Regarding our finances we have never been in debt but are saving for a decent morgage at the moment which she could never understand how her other children could afford their own homes in their 20s and 30s back in the 80's so we must be struggling and it's our own faults. However if you ask about her grandchildren that are the same age it's not their fault that everything has changed so much since back then.

And about OH's upbringing I feel disgusted as he just revealed the extent of it, from physical, verbal, and what he deemed the most damaging, psychological abuse he suffered from her. He said he remembers clearly giving her a picture he drew for her and she proceeded to tear it up, scream how stupid it and him were and hit him until he cried and then would try to comfort him before repeating. She said repeatedly she never wanted children and OH made her start over again.

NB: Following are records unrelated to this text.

Lemma trail_incident_head x vs es f : trail (x :: vs) es -> f \in es ->
  incident f x -> ohead es = Some f.
Proof.
case=> size_vs uniq_vs _ hj /(nthP f)[[|i] lt_i ef] fx.
  by case: es ef lt_i {size_vs hj} => //= ? ? ->.
have lt_vs : i.+1 < size vs by move: size_vs => /= [->].
have := hj x f i.+1 lt_i; rewrite ef => /joins_incident/(_ fx).
move: uniq_vs; rewrite /= => /andP[x_new _] [] x_eq; case/negP: x_new;
  by rewrite {1}x_eq mem_nth // ltnW.
Qed.

Lemma trail_close x vs es f y : trail (x :: vs) es -> joins ends f y x ->
  f \notin es -> y \in x :: vs ->
  let j := index y (x :: vs) in
  mcycle ends (take j.+1 (x :: vs)) (rcons (take j es) f).
Proof.
case=> size_vs uniq_vs uniq_es hj jf f_new y_old j.
have lt_j : j < size (x :: vs) by rewrite index_mem.
have size_es : size (take j es) = j by rewrite size_takel // -ltnS -size_vs.
have size_cyc : size (take j.+1 (x :: vs)) = j.+1 by rewrite size_takel.
split; rewrite ?size_cyc ?size_rcons ?size_es //.
- exact: take_uniq.
- by rewrite rcons_uniq (take_uniq _ uniq_es) andbT (contra (@mem_take _ _ _ _)).
move=> i lt_i; exists x, f; rewrite nth_rcons size_es.
move: lt_i; rewrite ltnS leq_eqVlt => /orP[/eqP->|lt_ij].
  by rewrite ltnn eqxx modnn !nth_take // nth_index.
rewrite lt_ij modn_small ?ltnS // !nth_take ?ltnS ?(ltnW lt_ij) //.
by apply: hj; rewrite (leq_trans lt_ij) // -ltnS -size_vs.
Qed.

Section MinDegree.
Variables (A : {set V}) (F : {set E}).
Hypothesis ends_in : forall f, f \in F -> ((ends f).1 \in A) && ((ends f).2 \in A).

Lemma joins_in f a b : f \in F -> joins ends f a b -> a \in A.
Proof.
move=> /ends_in/andP[h1 h2]; rewrite /joins.
by case/orP=> /eqP E1; rewrite E1 /= in h1 h2.
Qed.

Hypothesis deg2 : forall v, v \in A -> 1 < #|[set f in F | incident f v]|.

Lemma trail_extend_or_close x vs es : trail (x :: vs) es -> x \in A ->
  {subset es <= F} ->
  (exists y f, [/\ trail (y :: x :: vs) (f :: es), y \in A & f \in F]) \/
  exists vs' es', mcycle ends vs' es' /\ {subset es' <= F}.
Proof.
move=> tr xA esF.
have /card_gt1P[f1 [f2 []]] := deg2 xA; rewrite !inE => /andP[f1F f1x] /andP[f2F f2x] f12.
have [f [fF fx f_new]] : exists f, [/\ f \in F, incident f x & f \notin es].
  case: (boolP (f1 \in es)) => [f1es|]; last by exists f1.
  exists f2; split=> //; apply: contraNN f12 => f2es.
  have := trail_incident_head tr f2es f2x.
  by rewrite (trail_incident_head tr f1es f1x) => -[->].
have [y jf] := incident_joins fx.
have yA := joins_in fF jf.
case: (boolP (y \in x :: vs)) => [y_old|y_new].
  right; do 2 eexists; split; first exact: trail_close tr jf f_new y_old.
  by move=> g; rewrite mem_rcons inE => /orP[/eqP->|/mem_take/esF].
by left; exists y, f; split; first exact: trail_cons tr jf y_new f_new.
Qed.

Lemma mcycle_of_min_degree x0 : x0 \in A ->
  exists vs es, mcycle ends vs es /\ {subset es <= F}.
Proof.
move=> x0A.
(* Trails cannot be extended forever: they have at most #|E| edges. *)
suff [[x [vs [es [tr _ _ size_es]]]]|//] : (exists x vs es,
    [/\ trail (x :: vs) es, x \in A, {subset es <= F} & size es = #|E|.+1]) \/
  exists vs es, mcycle ends vs es /\ {subset es <= F}.
  case: tr => _ _ uniq_es _.
  by move: (max_card (mem es)); rewrite (card_uniqP uniq_es) size_es ltnn.
elim: #|E|.+1 => [|n [[x [vs [es [tr xA esF <-]]]]|cyc]]; last by right.
  by left; exists x0, [::], [::]; split=> //; split=> // ? ? [].
case: (trail_extend_or_close tr xA esF) => [[y [f [tr' yA fF]]]|]; last by right.
left; exists y, (x :: vs), (f :: es); split=> // g; rewrite inE.
by case/orP=> [/eqP->|/esF].
Qed.
End MinDegree.
Lemma trunc_lagrange_hyps (F : fieldType) B n (P : ps2 F) (phi : ps F) alpha :
  phi 0%N = 0 -> (forall i, ps2_subst P phi i = 0) -> P 0%N 1%N = alpha ->
  (n < B)%N -> (1 < B)%N ->
  [/\ 'X %| trunc B phi, 'X^(n.+1) %| (trunc2 B P).[trunc B phi]
    & (trunc2 B P)`_1`_0 = alpha].
Proof.
move=> phi0 subst0 P01 nB B1.
have Xf : 'X %| trunc B phi by rewrite dvdpX_coef0 coincide_trunc ?phi0 //; lia.
split=> //; last by rewrite coincide2_trunc //; lia.
apply: dvdp_trans (dvdp_exp2l _ nB) _; apply/dvdp_XnP => i iB.
by rewrite (coef_horner_coincide (coincide2_trunc P) (coincide_trunc phi) Xf iB).
Qed.

Theorem corollary3p2 (F : fieldType) (P : ps2 F) (phi : ps F) (alpha : F) :
  phi 0%N = 0 ->
  (forall n, ps2_subst P phi n = 0) ->
  ps2_dy P 0%N 0%N = alpha ->
  alpha != 0 ->
  tadic_sum_from1
    (fun m => ps_scale (alpha ^+ m.+1)^-1
       (ps2_coefy m.-1
          (ps2_mul (ps2_dy P) (ps2_pow (ps2_sub (ps2_cy alpha) P) m))))
    phi
  /\
  ([pchar F] =i pred0 ->
   tadic_sum_from1
     (fun m => ps_scale (m%:R * alpha ^+ m)^-1
        (ps2_coefy m.-1 (ps2_pow (ps2_sub (ps2_cy alpha) P) m)))
     phi).
Proof.
move=> phi0 subst0 dy00 alpha_neq0.
have P01 : P 0%N 1%N = alpha by rewrite -dy00 /ps2_dy mulr1n.
have coincide_P N n : coincide2 (N + n).+1 P (trunc2 (N + n).+2 P).
  by apply: coincide2_leq (coincide2_trunc P).
have coincide_q N n : coincide2 (N + n).+1 (ps2_sub (ps2_cy alpha) P)
                ((alpha%:P)%:P * 'X - trunc2 (N + n).+2 P).
  exact: coincide2_sub (coincide2_cy (B := (N + n).+1) alpha) (coincide_P N n).
split=> [|F0] n; exists (3 * n + 2)%N => N Nn k kn.
all: have [Xf pf p10] := @trunc_lagrange_hyps F (N + n).+2 n P phi alpha
                           phi0 subst0 P01 ltac:(lia) ltac:(lia).
all: rewrite -(coincide_trunc phi (_ : k < (N + n).+2)%N); last lia.
- rewrite -(lagrange_coef Xf pf p10 alpha_neq0 Nn kn).
  apply: eq_big_nat => m /andP[m1 mN]; congr (_ * _); symmetry.
  apply: (coincide2_mul (coincide2_deriv (coincide2_trunc P))
                        (coincide2_pow m (coincide_q N n))); lia.
- rewrite -(lagrange_coef_pchar0 Xf pf p10 alpha_neq0 Nn F0 kn).
  apply: eq_big_nat => m /andP[m1 mN]; congr (_ * _); symmetry.
  apply: (coincide2_pow m (coincide_q N n)); lia.
Qed.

He understands now that he both fears her and feels dependent on her and needs to work on improving this. Had I known I wouldn't have put so much effort into trying to form a relationship with her and putting up with her behaviour for so long so atleast I have a clean conscience over what has happened over the past few days and will have no regrets moving forwards. On the plus side as horrible as MIL has been my family has been more than supportive and understanding and really just how family should be to each other.

OP posts:
Coronapop · 19/05/2019 21:34

Very sorry to hear the outcome but at least now you know her attitude for sure and can refuse any other 'gifts' or contact without guilt. The story about your DH's drawing was painful to read, NC is more than justified.

redexpat · 19/05/2019 22:01

Oh goodness! Get your dh the susan forward book toxic parents.